Наступили горькие денечки, натерпелись от него все. Иван Петрович утихал
только, пока обедал; никогда он так жадно и так много не ел; все остальное время
он ни себе, никому не давал покоя. Он молился, роптал на судьбу, бранил себя,
бранил политику, свою систему, бранил все, чем хвастался и кичился, все, что
ставил некогда сыну в образец; твердил, что ни во что не верит, и молился
снова; не выносил ни одного мгновенья одиночества и требовал от своих домашних,
чтоб они постоянно, днем и ночью, сидели возле его кресел и занимали его
рассказами, которые он то и дело прерывал восклицаниями: «Вы все врете – экая
чепуха!»
Особенно
доставалось Глафире Петровне; он решительно не мог обойтись без нее – и она до
конца исполняла все прихоти больного, хотя иногда не тотчас решалась отвечать
ему, чтобы звуком голоса не выдать душившей ее злобы. Так проскрипел он еще два
года и умер в первых числах мая, вынесенный на балкон, на солнце. «Глаша,
Глашка! бульонцу, бульонцу, старая дур…», – пролепетал его коснеющий язык
и, не договорив последнего слова, умолк навеки.
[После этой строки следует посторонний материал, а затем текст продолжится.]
(* Consider the closed-loop battery recycling model described in the context, and assume the data satisfy: the demands $d$, supplies $s$, costs $c$, values $v$, probabilities $p$ and material coefficients $\Delta$ are nonnegative, $u^{\mathrm{REC}}>0$, $u^{\mathrm{CP}}>0$, $\gamma\in[0,1)$, and every facility cost function $f$ is concave and monotonically increasing on $[0,\infty)$ with $f(0)=0$. Let $\overline{y}=(\overline{y}^{\mathrm{REC}},\overline{y}^{\mathrm{CP}})\geq 0$ satisfy the capacity-monotonicity constraints (Cap3), (Cap4) and the upper bounds (Cap5), (Cap6). Then there exists $x\geq 0$ such that $(\overline{y},x)$ satisfies all of the production constraints (Prod1)–(Prod5), the inventory constraints (Inv1)–(Inv4), and the capacity constraints (Cap1)–(Cap6); i.e. $\{(y,x)\geq 0 : (\mathrm{Prod}),(\mathrm{Inv}),(\mathrm{Cap}),\ y=\overline{y}\}\neq\emptyset$.
   Context: Index sets (all finite): battery chemistries $\mathcal{I}$; recycling processes $\mathcal{J}$; materials $\mathcal{K}$ with a subset of cathode powders $\mathcal{K}^{\mathrm{CP}}\subseteq\mathcal{K}$; zones $\mathcal{Z}$; time periods $\mathcal{T}=\{1,\dots,T\}$; planning periods $\mathcal{L}=\{1,\dots,L\}$, where $\{\mathcal{T}_l\}_{l\in\mathcal{L}}$ is a partition of $\mathcal{T}$; stages $\mathcal{S}=\{1,\dots,S\}$, with $\sigma_t\in\mathcal{S}$ the stage of period $t\in\mathcal{T}\cup\{0\}$. For each stage $\sigma$, $\Omega_\sigma$ is a finite nonempty set of scenario-tree nodes. For each node $\omega$ there is an ancestor map $a_\omega$ assigning to each $t\in\mathcal{T}\cup\{0\}$ a node $a_\omega(t)\in\Omega_{\sigma_t}$, with $a_\omega(t)=\omega$ whenever $\omega\in\Omega_{\sigma_t}$. For each $l\in\mathcal{L}$ there is a positive integer $N^{\mathrm{REC}}_l$ with $\mathcal{N}^{\mathrm{REC}}_l=\{1,\dots,N^{\mathrm{REC}}_l\}$, and for each $l\in\mathcal{L},k\in\mathcal{K}^{\mathrm{CP}}$ a positive integer $N^{\mathrm{CP}}_{l,k}$ with $\mathcal{N}^{\mathrm{CP}}_{l,k}=\{1,\dots,N^{\mathrm{CP}}_{l,k}\}$. Data: $\Delta^{\mathrm{NB}}_{i,k}$ ($i\in\mathcal{I},k\in\mathcal{K}$), $\Delta^{\mathrm{CP}}_{k',k}$ ($k'\in\mathcal{K}^{\mathrm{CP}},k\in\mathcal{K}\setminus\mathcal{K}^{\mathrm{CP}}$), $\Delta^{\mathrm{MC}}_{k',k}$ ($k',k\in\mathcal{K}\setminus\mathcal{K}^{\mathrm{CP}}$), $\Delta^{\mathrm{REC}}_{k,i,j}$ ($k\in\mathcal{K},i\in\mathcal{I},j\in\mathcal{J}$); demand $d_{\omega,z,t,i}$ and retired-battery supply $s_{\omega,z,t,i}$ for $t\in\mathcal{T}$, $\omega\in\Omega_{\sigma_t}$; maximum capacities $u^{\mathrm{REC}},u^{\mathrm{CP}}$. Operational variables (indexed by $t\in\mathcal{T}$, $z\in\mathcal{Z}$, $\omega\in\Omega_{\sigma_t}$, plus $t=0$ for inventories): $x^{\mathrm{NM,NB}}_{\omega,z,t,k},x^{\mathrm{RM,INV}}_{\omega,z,t,k},x^{\mathrm{RM,S}}_{\omega,z,t,k},x^{\mathrm{INV}}_{\omega,z,t,k}$ ($k\in\mathcal{K}$); $x^{\mathrm{INV,NB}}_{\omega,z,t,k},x^{\mathrm{CP,INV}}_{\omega,z,t,k}$ ($k\in\mathcal{K}^{\mathrm{CP}}$); $x^{\mathrm{NM,CP}}_{\omega,z,t,k},x^{\mathrm{MC,CP}}_{\omega,z,t,k},x^{\mathrm{INV,MC}}_{\omega,z,t,k}$ ($k\in\mathcal{K}\setminus\mathcal{K}^{\mathrm{CP}}$); $x^{\mathrm{RB}}_{\omega,z,t,i}$ ($i\in\mathcal{I}$); $x^{\mathrm{RB,RM}}_{\omega,z,t,i,j}$; transports $x^{\mathrm{TR,RM}}_{\omega,z,z',t,k}$ and $x^{\mathrm{TR,RB}}_{\omega,z,z',t,i}$ for $z'\neq z$. Capacity variables: $y^{\mathrm{REC}}_{z,l,j,n}$ ($n\in\mathcal{N}^{\mathrm{REC}}_l$) and $y^{\mathrm{CP}}_{z,l,k,n}$ ($k\in\mathcal{K}^{\mathrm{CP}}$, $n\in\mathcal{N}^{\mathrm{CP}}_{l,k}$). Production constraints, for all $t\in\mathcal{T},z\in\mathcal{Z},\omega\in\Omega_{\sigma_t}$: (Prod1) $\sum_{i}\Delta^{\mathrm{NB}}_{i,k}d_{\omega,z,t,i}=x^{\mathrm{NM,NB}}_{\omega,z,t,k}+x^{\mathrm{INV,NB}}_{\omega,z,t,k}$ for $k\in\mathcal{K}^{\mathrm{CP}}$; (Prod2) $\sum_{i}\Delta^{\mathrm{NB}}_{i,k}d_{\omega,z,t,i}=x^{\mathrm{NM,NB}}_{\omega,z,t,k}$ for $k\in\mathcal{K}\setminus\mathcal{K}^{\mathrm{CP}}$; (Prod3) $\sum_{k'\in\mathcal{K}^{\mathrm{CP}}}\Delta^{\mathrm{CP}}_{k',k}x^{\mathrm{CP,INV}}_{\omega,z,t,k'}=x^{\mathrm{NM,CP}}_{\omega,z,t,k}+x^{\mathrm{MC,CP}}_{\omega,z,t,k}$ for $k\in\mathcal{K}\setminus\mathcal{K}^{\mathrm{CP}}$; (Prod4) $\sum_{k'\in\mathcal{K}\setminus\mathcal{K}^{\mathrm{CP}}}\Delta^{\mathrm{MC}}_{k',k}x^{\mathrm{MC,CP}}_{\omega,z,t,k'}=x^{\mathrm{INV,MC}}_{\omega,z,t,k}$ for $k\in\mathcal{K}\setminus\mathcal{K}^{\mathrm{CP}}$; (Prod5) $x^{\mathrm{RM,INV}}_{\omega,z,t,k}+x^{\mathrm{RM,S}}_{\omega,z,t,k}=\sum_{i,j}\Delta^{\mathrm{REC}}_{k,i,j}x^{\mathrm{RB,RM}}_{\omega,z,t,i,j}$ for $k\in\mathcal{K}$. Inventory constraints: (Inv1) $x^{\mathrm{RB}}_{\omega,z,0,i}=0$ and (Inv2) $x^{\mathrm{INV}}_{\omega,z,0,k}=0$ for all $\omega\in\Omega_{\sigma_0}$; and for all $t\in\mathcal{T},z,\omega\in\Omega_{\sigma_t}$, with $\omega'=a_\omega(t-1)$: (Inv3) $x^{\mathrm{RB}}_{\omega,z,t,i}=x^{\mathrm{RB}}_{\omega',z,t-1,i}+\sum_{z'\neq z}(x^{\mathrm{TR,RB}}_{\omega,z',z,t,i}-x^{\mathrm{TR,RB}}_{\omega,z,z',t,i})+s_{\omega,z,t,i}-\sum_{j}x^{\mathrm{RB,RM}}_{\omega,z,t,i,j}$; (Inv4) for $k\in\mathcal{K}\setminus\mathcal{K}^{\mathrm{CP}}$: $x^{\mathrm{INV}}_{\omega,z,t,k}=x^{\mathrm{INV}}_{\omega',z,t-1,k}+\sum_{z'\neq z}(x^{\mathrm{TR,RM}}_{\omega,z',z,t,k}-x^{\mathrm{TR,RM}}_{\omega,z,z',t,k})+x^{\mathrm{RM,INV}}_{\omega,z,t,k}-x^{\mathrm{INV,MC}}_{\omega,z,t,k}$, and for $k\in\mathcal{K}^{\mathrm{CP}}$: $x^{\mathrm{INV}}_{\omega,z,t,k}=x^{\mathrm{INV}}_{\omega',z,t-1,k}+\sum_{z'\neq z}(x^{\mathrm{TR,RM}}_{\omega,z',z,t,k}-x^{\mathrm{TR,RM}}_{\omega,z,z',t,k})+x^{\mathrm{RM,INV}}_{\omega,z,t,k}+x^{\mathrm{CP,INV}}_{\omega,z,t,k}-x^{\mathrm{INV,NB}}_{\omega,z,t,k}$. Capacity constraints: (Cap1) $\sum_{n\in\mathcal{N}^{\mathrm{REC}}_l}y^{\mathrm{REC}}_{z,l,j,n}\geq\sum_i x^{\mathrm{RB,RM}}_{\omega,z,t,i,j}$ for all $j,l,t\in\mathcal{T}_l,z,\omega\in\Omega_{\sigma_t}$; (Cap2) $\sum_{n\in\mathcal{N}^{\mathrm{CP}}_{l,k}}y^{\mathrm{CP}}_{z,l,k,n}\geq x^{\mathrm{CP,INV}}_{\omega,z,t,k}$ for all $k\in\mathcal{K}^{\mathrm{CP}},l,t\in\mathcal{T}_l,z,\omega\in\Omega_{\sigma_t}$; (Cap3) $\sum_{n\in\mathcal{N}^{\mathrm{REC}}_l}y^{\mathrm{REC}}_{z,l,j,n}\geq\sum_{n\in\mathcal{N}^{\mathrm{REC}}_{l-1}}y^{\mathrm{REC}}_{z,l-1,j,n}$ for $l\geq2$; (Cap4) $\sum_{n\in\mathcal{N}^{\mathrm{CP}}_{l,k}}y^{\mathrm{CP}}_{z,l,k,n}\geq\sum_{n\in\mathcal{N}^{\mathrm{CP}}_{l-1,k}}y^{\mathrm{CP}}_{z,l-1,k,n}$ for $l\geq2$; (Cap5) $y^{\mathrm{REC}}_{z,l,j,n}\leq u^{\mathrm{REC}}$; (Cap6) $y^{\mathrm{CP}}_{z,l,k,n}\leq u^{\mathrm{CP}}$. *)

From HB Require Import structures.
From mathcomp Require Import all_boot all_order all_algebra.
Set Implicit Arguments. Unset Strict Implicit. Unset Printing Implicit Defensive.
Import Order.TTheory GRing.Theory Num.Theory.
Local Open Scope ring_scope.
Глафира Петровна, которая
только что выхватила чашку бульону из рук дворецкого, остановилась, посмотрела
брату в лицо, медленно, широко перекрестилась и удалилась молча; а тут же находившийся
сын тоже ничего не сказал, оперся на перила балкона и долго глядел в сад, весь
благовонный и зеленый, весь блестевший в лучах золотого весеннего солнца. Ему
было двадцать три года; как страшно, как незаметно скоро пронеслись эти
двадцать три года!.. Жизнь открывалась перед ним.